慕临深装作听不懂他的讽刺一样:“这倒不敢。”
常裕:“另外,我们查到您在9月23日晚上,向小渔村村长打过电话,都说了什么?”
“小渔村是我的老家,老家的事绝对不能被查到,不然我自己也得完,所以这么多年,下面要是报警和小渔村有关的,我都会想办法压下来,不过这次我是没想到竟然有人直接查过去了,我没办法,只能打电话通知村长,让他把人拦下来。”
“您这样直接,不怕我们最后还是查到您头上吗?”
“其实这些事情本来都是老安做的,有些案件也都是他压下来的,都不用我出面,不过你们林局这次竟然把他调走了,很多事情我不得不越过现在的支队来亲自做,这次也是没办法的事,当我知道有人去小渔村的时候已经太迟了。”
“您是怎么知道上面有人要调查小渔村的?”
“自然是从支队那里听见的一些风言风语,然后推断出来的。”这话常裕显然是不信。
“那您有没有安排车辆去袭击我们出任务的警察?”
慕临深摇摇头:“没有,我当时只能打个电话,哪能有空临时安排辆车?要真有那本事,我现在也不会在这和你们说话了。”

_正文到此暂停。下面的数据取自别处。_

(* For any set of rule schemes $\mathcal{R}\subseteq\{N,H,P,F,wF\}$, every sequent derivable in $i\mathbf{STL}(\mathcal{R})$ is valid in every $\mathbf{K}(\mathcal{R})$-Kripke model.
   Context: Formulas of $\mathcal{L}_\nabla$ are built from variables and constants $1,\top,\bot$ by $\wedge,\vee,\otimes,\to$ and unary $\nabla$. Sequents $\Gamma\Rightarrow A$ have $\Gamma$ a finite sequence; $\nabla\Gamma$ applies $\nabla$ to each member. $\mathbf{STL}$ has axioms $A\Rightarrow A$, $\Rightarrow1$, $\nabla1\Rightarrow1$, $\Gamma\Rightarrow\top$, $\Gamma,\bot,\Sigma\Rightarrow A$ and rules (premises / conclusion): cut: $\Gamma\Rightarrow A$, $\Pi,A,\Sigma\Rightarrow B$ / $\Pi,\Gamma,\Sigma\Rightarrow B$; $L\wedge$: $\Gamma,A,\Sigma\Rightarrow C$ / $\Gamma,A\wedge B,\Sigma\Rightarrow C$ and $\Gamma,B,\Sigma\Rightarrow C$ / $\Gamma,A\wedge B,\Sigma\Rightarrow C$; $R\wedge$: $\Gamma\Rightarrow A$, $\Gamma\Rightarrow B$ / $\Gamma\Rightarrow A\wedge B$; $L\vee$: $\Gamma,A,\Sigma\Rightarrow C$, $\Gamma,B,\Sigma\Rightarrow C$ / $\Gamma,A\vee B,\Sigma\Rightarrow C$; $R\vee$: $\Gamma\Rightarrow A$ / $\Gamma\Rightarrow A\vee B$ and $\Gamma\Rightarrow B$ / $\Gamma\Rightarrow A\vee B$; $L1$: $\Gamma,\Sigma\Rightarrow A$ / $\Gamma,1,\Sigma\Rightarrow A$; $L\otimes$: $\Gamma,A,B,\Sigma\Rightarrow C$ / $\Gamma,A\otimes B,\Sigma\Rightarrow C$; $R\otimes$: $\Gamma\Rightarrow A$, $\Sigma\Rightarrow B$ / $\Gamma,\Sigma\Rightarrow A\otimes B$; $(\nabla)$: $A\Rightarrow B$ / $\nabla A\Rightarrow\nabla B$; Oplax: $\nabla A,\nabla B\Rightarrow C$ / $\nabla(A\otimes B)\Rightarrow C$; $L\to$: $\Gamma\Rightarrow A$, $\Pi,B,\Sigma\Rightarrow C$ / $\Pi,\Gamma,\nabla(A\to B),\Sigma\Rightarrow C$; $R\to$: $A,\nabla\Gamma\Rightarrow B$ / $\Gamma\Rightarrow A\to B$. Schemes: $(N)$: $\Gamma\Rightarrow A$ / $\nabla\Gamma\Rightarrow\nabla A$; $(P)$: $\Gamma\Rightarrow\nabla A$ / $\Gamma\Rightarrow A$; $(F)$: $\Gamma\Rightarrow A$ / $\Gamma\Rightarrow\nabla A$; $(wF)$: $\nabla A\Rightarrow\bot$ / $A\Rightarrow\bot$; $(H)$: $\Gamma,A_1\to B_1,\dots,A_n\to B_n\Rightarrow C$ / $\nabla\Gamma,\nabla A_1\to\nabla B_1,\dots,\nabla A_n\to\nabla B_n\Rightarrow\nabla C$. $i\mathbf{STL}(\mathcal{R})$ is $\mathbf{STL}$ plus the schemes in $\mathcal{R}$ plus left weakening, contraction and exchange. A Kripke model is $(W,\le,R,V)$: $(W,\le)$ a poset, $R\subseteq W\times W$ with $(u,v)\in R$, $u'\le u$, $v\le v'$ implying $(u',v')\in R$, and $V$ assigning an upset of $(W,\le)$ to each variable. Forcing: $w\Vdash p$ iff $w\in V(p)$; $w\Vdash\top$ and $w\Vdash1$ always; never $w\Vdash\bot$; $w\Vdash A\wedge B$ and $w\Vdash A\otimes B$ iff $w\Vdash A$ and $w\Vdash B$; $w\Vdash A\vee B$ iff $w\Vdash A$ or $w\Vdash B$; $w\Vdash A\to B$ iff for all $v$ with $(w,v)\in R$, $v\Vdash A$ implies $v\Vdash B$; $w\Vdash\nabla A$ iff there is $v$ with $(v,w)\in R$ and $v\Vdash A$. $\Gamma\Rightarrow A$ is valid if every $w$ forcing all members of $\Gamma$ forces $A$. A $\mathbf{K}(\mathcal{R})$-Kripke model satisfies the conditions for each scheme in $\mathcal{R}$: $(N)$: there is an order-preserving $\pi:W\to W$ with $(u,v)\in R$ iff $u\le\pi(v)$; $(H)$: such a $\pi$ exists and is an order isomorphism; $(P)$: $R\subseteq\le$; $(F)$: $R$ reflexive; $(wF)$: $R$ serial. *)

From Stdlib Require Import List.
Import ListNotations.

Inductive form : Type :=
| Var : nat -> form
| One : form
| Top : form
| Bot : form
| And : form -> form -> form
| Or : form -> form -> form
| Tens : form -> form -> form
| Imp : form -> form -> form
| Nab : form -> form.

Definition nabla_ctx (G : list form) : list form := map Nab G.

Inductive scheme : Type := SN | SH | SP | SF | SwF.

Inductive derivable (Rs : scheme -> Prop) : list form -> form -> Prop :=
| ax_id : forall A, derivable Rs [A] A
| ax_one : derivable Rs [] One
| ax_nab_one : derivable Rs [Nab One] One
| ax_top : forall G, derivable Rs G Top
| ax_bot : forall G S A, derivable Rs (G ++ Bot :: S) A
| r_cut : forall G P S A B,
    derivable Rs G A -> derivable Rs (P ++ A :: S) B ->
    derivable Rs (P ++ G ++ S) B
| r_and_l1 : forall G S A B C,
    derivable Rs (G ++ A :: S) C -> derivable Rs (G ++ And A B :: S) C
| r_and_l2 : forall G S A B C,
    derivable Rs (G ++ B :: S) C -> derivable Rs (G ++ And A B :: S) C
| r_and_r : forall G A B,
    derivable Rs G A -> derivable Rs G B -> derivable Rs G (And A B)
| r_or_l : forall G S A B C,
    derivable Rs (G ++ A :: S) C -> derivable Rs (G ++ B :: S) C ->
    derivable Rs (G ++ Or A B :: S) C
| r_or_r1 : forall G A B, derivable Rs G A -> derivable Rs G (Or A B)
| r_or_r2 : forall G A B, derivable Rs G B -> derivable Rs G (Or A B)
| r_one_l : forall G S A,
    derivable Rs (G ++ S) A -> derivable Rs (G ++ One :: S) A
| r_tens_l : forall G S A B C,
    derivable Rs (G ++ A :: B :: S) C -> derivable Rs (G ++ Tens A B :: S) C
| r_tens_r : forall G S A B,
    derivable Rs G A -> derivable Rs S B -> derivable Rs (G ++ S) (Tens A B)
| r_nab : forall A B, derivable Rs [A] B -> derivable Rs [Nab A] (Nab B)
| r_oplax : forall A B C,
    derivable Rs [Nab A; Nab B] C -> derivable Rs [Nab (Tens A B)] C
| r_imp_l : forall G P S A B C,
    derivable Rs G A -> derivable Rs (P ++ B :: S) C ->
    derivable Rs (P ++ G ++ Nab (Imp A B) :: S) C
| r_imp_r : forall G A B,
    derivable Rs (A :: nabla_ctx G) B -> derivable Rs G (Imp A B)
| r_N : Rs SN -> forall G A,
    derivable Rs G A -> derivable Rs (nabla_ctx G) (Nab A)
| r_P : Rs SP -> forall G A, derivable Rs G (Nab A) -> derivable Rs G A
| r_F : Rs SF -> forall G A, derivable Rs G A -> derivable Rs G (Nab A)
| r_wF : Rs SwF -> forall A, derivable Rs [Nab A] Bot -> derivable Rs [A] Bot
| r_H : Rs SH -> forall G (l : list (form * form)) C,
    derivable Rs (G ++ map (fun p => Imp (fst p) (snd p)) l) C ->
    derivable Rs (nabla_ctx G ++ map (fun p => Imp (Nab (fst p)) (Nab (snd p))) l)
              (Nab C)
| r_weak : forall G S B A,
    derivable Rs (G ++ S) A -> derivable Rs (G ++ B :: S) A
| r_contr : forall G S B A,
    derivable Rs (G ++ B :: B :: S) A -> derivable Rs (G ++ B :: S) A
| r_exch : forall G S B D A,
    derivable Rs (G ++ B :: D :: S) A -> derivable Rs (G ++ D :: B :: S) A.

Record kmodel : Type := KModel {
  W : Type;
  le : W -> W -> Prop;
  le_refl : forall u, le u u;
  le_trans : forall u v w, le u v -> le v w -> le u w;
  le_antisym : forall u v, le u v -> le v u -> u = v;
  Rel : W -> W -> Prop;
  Rel_mono : forall u v u' v', Rel u v -> le u' u -> le v v' -> Rel u' v';
  V : nat -> W -> Prop;
  V_up : forall p u v, V p u -> le u v -> V p v
}.

Fixpoint forces (M : kmodel) (w : W M) (A : form) : Prop :=
  match A with
  | Var p => V M p w
  | One => True
  | Top => True
  | Bot => False
  | And B C => forces M w B /\ forces M w C
  | Or B C => forces M w B \/ forces M w C
  | Tens B C => forces M w B /\ forces M w C
  | Imp B C => forall v, Rel M w v -> forces M v B -> forces M v C
  | Nab B => exists v, Rel M v w /\ forces M v B
  end.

时徽叹了口气:“你们这慕局,可真是......那你们查了分局的那个安支队长了吗?”
“查了,他这些年收受贿赂,万师的那件事他也有参与,隐瞒包庇,尸位素餐,手底下不知道出了多少冤案和办不了的案件,现在也一并处理了。”
“王大林的死还是没查出来吗?”
“没有,也真是奇了,谁都不知道他是什么时候被下药的,只能以后再接着查了,现在案件要准备移交检察院了。”
“嗯,接下来也总算可以轻松点了。”
“是啊,希望别再发生什么事了,我国庆节还想好好地休息一下。”
时徽擦了擦嘴,伸了个懒腰:“这段时间住院,感觉把我下辈子的觉都睡足了。”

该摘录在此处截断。